____ PROVIDED DATA

(* Let $T_0=pD^2+q_0D+r_0$ be a second-order rational operator, let $\phi_1,\dots,\phi_n$ be quasi-rational functions with $T_0\phi_k=\lambda_k\phi_k$ for pairwise distinct constants $\lambda_1,\dots,\lambda_n$, and let $b_1,\dots,b_n$ be nonzero rational functions. For $k=1,\dots,n$ set $\sigma_k=\sum_{j=1}^k (\log b_j)'$, $\upsilon_k=\phi_{(1,\dots,k)}'/\phi_{(1,\dots,k)}$, and $\sigma_0=\upsilon_0=0$; $q_k=q_0+kp'-2p\sigma_k$, $r_k=r_0+kq_0'+\tfrac12k(k-1)p''+\upsilon_kp'-\sigma_k(q_0+kp')+(\sigma_k^2-\sigma_k'+2\upsilon_k')p$, $w_k=\sigma_{k-1}+\upsilon_k-\upsilon_{k-1}$, and define $T_k=pD^2+q_kD+r_k$, $A_k=b_k(D-w_k)$. Then $A_kT_{k-1}=T_kA_k$ for all $k=1,\dots,n$; i.e. $T_0\to T_1\to\cdots\to T_n$ is an $n$-step rational Darboux transformation.
   Context: $D=d/dz$, primes denote $d/dz$. A rational operator has rational coefficients; a function is quasi-rational if its logarithmic derivative is rational. $\phi_{(i_1,\dots,i_k)}:=\mathrm{Wr}[\phi_{i_1},\dots,\phi_{i_k}]$ denotes the Wronskian determinant. An $n$-step rational Darboux transformation $T_0\to\cdots\to T_n$ means there are first-order rational operators $A_k$ with $A_kT_{k-1}=T_kA_k$. *)

From HB Require Import structures.
From mathcomp Require Import all_boot all_order all_algebra.
From mathcomp Require Import complex.
From mathcomp Require Import reals.
Set Implicit Arguments. Unset Strict Implicit. Unset Printing Implicit Defensive.
Import Order.TTheory GRing.Theory Num.Theory.
Local Open Scope ring_scope.

(* A derivation D on a field E (playing the role of d/dz). *)
Definition derivation (E : fieldType) (D : E -> E) : Prop :=
  (forall x y, D (x + y) = D x + D y) /\ (forall x y, D (x * y) = D x * y + x * D y).

Section Diff.
Variables (C : fieldType) (E : fieldType) (D : E -> E) (iota : {poly C} -> E).

Definition rationalE (f : E) : Prop :=
  exists (a c : {poly C}), c != 0 /\ f = iota a / iota c.

Definition quasi_rational (f : E) : Prop := f != 0 /\ rationalE (D f / f).

Definition cst (c : C) : E := iota c%:P.

Definition wronskian (phi : nat -> E) (k : nat) : E :=
  \det (\matrix_(i < k, j < k) iter j D (phi i.+1)).

Definition op2 (p q r f : E) : E := p * D (D f) + q * D f + r * f.

Definition op1 (b w f : E) : E := b * (D f - w * f).

Variables (p q0 r0 : E) (b phi : nat -> E).

Definition sigma (k : nat) : E := \sum_(1 <= j < k.+1) D (b j) / b j.
Definition upsilon (k : nat) : E := D (wronskian phi k) / wronskian phi k.
Definition qk (k : nat) : E := q0 + k%:R * D p - 2%:R * p * sigma k.
Definition rk (k : nat) : E :=
  r0 + k%:R * D q0 + (k%:R * (k%:R - 1) / 2%:R) * D (D p) + upsilon k * D p
  - sigma k * (q0 + k%:R * D p)
  + (sigma k ^+ 2 - D (sigma k) + 2%:R * D (upsilon k)) * p.
Definition wk (k : nat) : E := sigma k.-1 + upsilon k - upsilon k.-1.

End Diff.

________

**EXERCISE REQUIREMENTS**. Pick out and copy the lines of the material that include the word "dots".

**SOLUTION FOR THIS EXERCISE**.
(* Let $T_0=pD^2+q_0D+r_0$ be a second-order rational operator, let $\phi_1,\dots,\phi_n$ be quasi-rational functions with $T_0\phi_k=\lambda_k\phi_k$ for pairwise distinct constants $\lambda_1,\dots,\lambda_n$, and let $b_1,\dots,b_n$ be nonzero rational functions. For $k=1,\dots,n$ set $\sigma_k=\sum_{j=1}^k (\log b_j)'$, $\upsilon_k=\phi_{(1,\dots,k)}'/\phi_{(1,\dots,k)}$, and $\sigma_0=\upsilon_0=0$; $q_k=q_0+kp'-2p\sigma_k$, $r_k=r_0+kq_0'+\tfrac12k(k-1)p''+\upsilon_kp'-\sigma_k(q_0+kp')+(\sigma_k^2-\sigma_k'+2\upsilon_k')p$, $w_k=\sigma_{k-1}+\upsilon_k-\upsilon_{k-1}$, and define $T_k=pD^2+q_kD+r_k$, $A_k=b_k(D-w_k)$. Then $A_kT_{k-1}=T_kA_k$ for all $k=1,\dots,n$; i.e. $T_0\to T_1\to\cdots\to T_n$ is an $n$-step rational Darboux transformation.
   Context: $D=d/dz$, primes denote $d/dz$. A rational operator has rational coefficients; a function is quasi-rational if its logarithmic derivative is rational. $\phi_{(i_1,\dots,i_k)}:=\mathrm{Wr}[\phi_{i_1},\dots,\phi_{i_k}]$ denotes the Wronskian determinant. An $n$-step rational Darboux transformation $T_0\to\cdots\to T_n$ means there are first-order rational operators $A_k$ with $A_kT_{k-1}=T_kA_k$. *)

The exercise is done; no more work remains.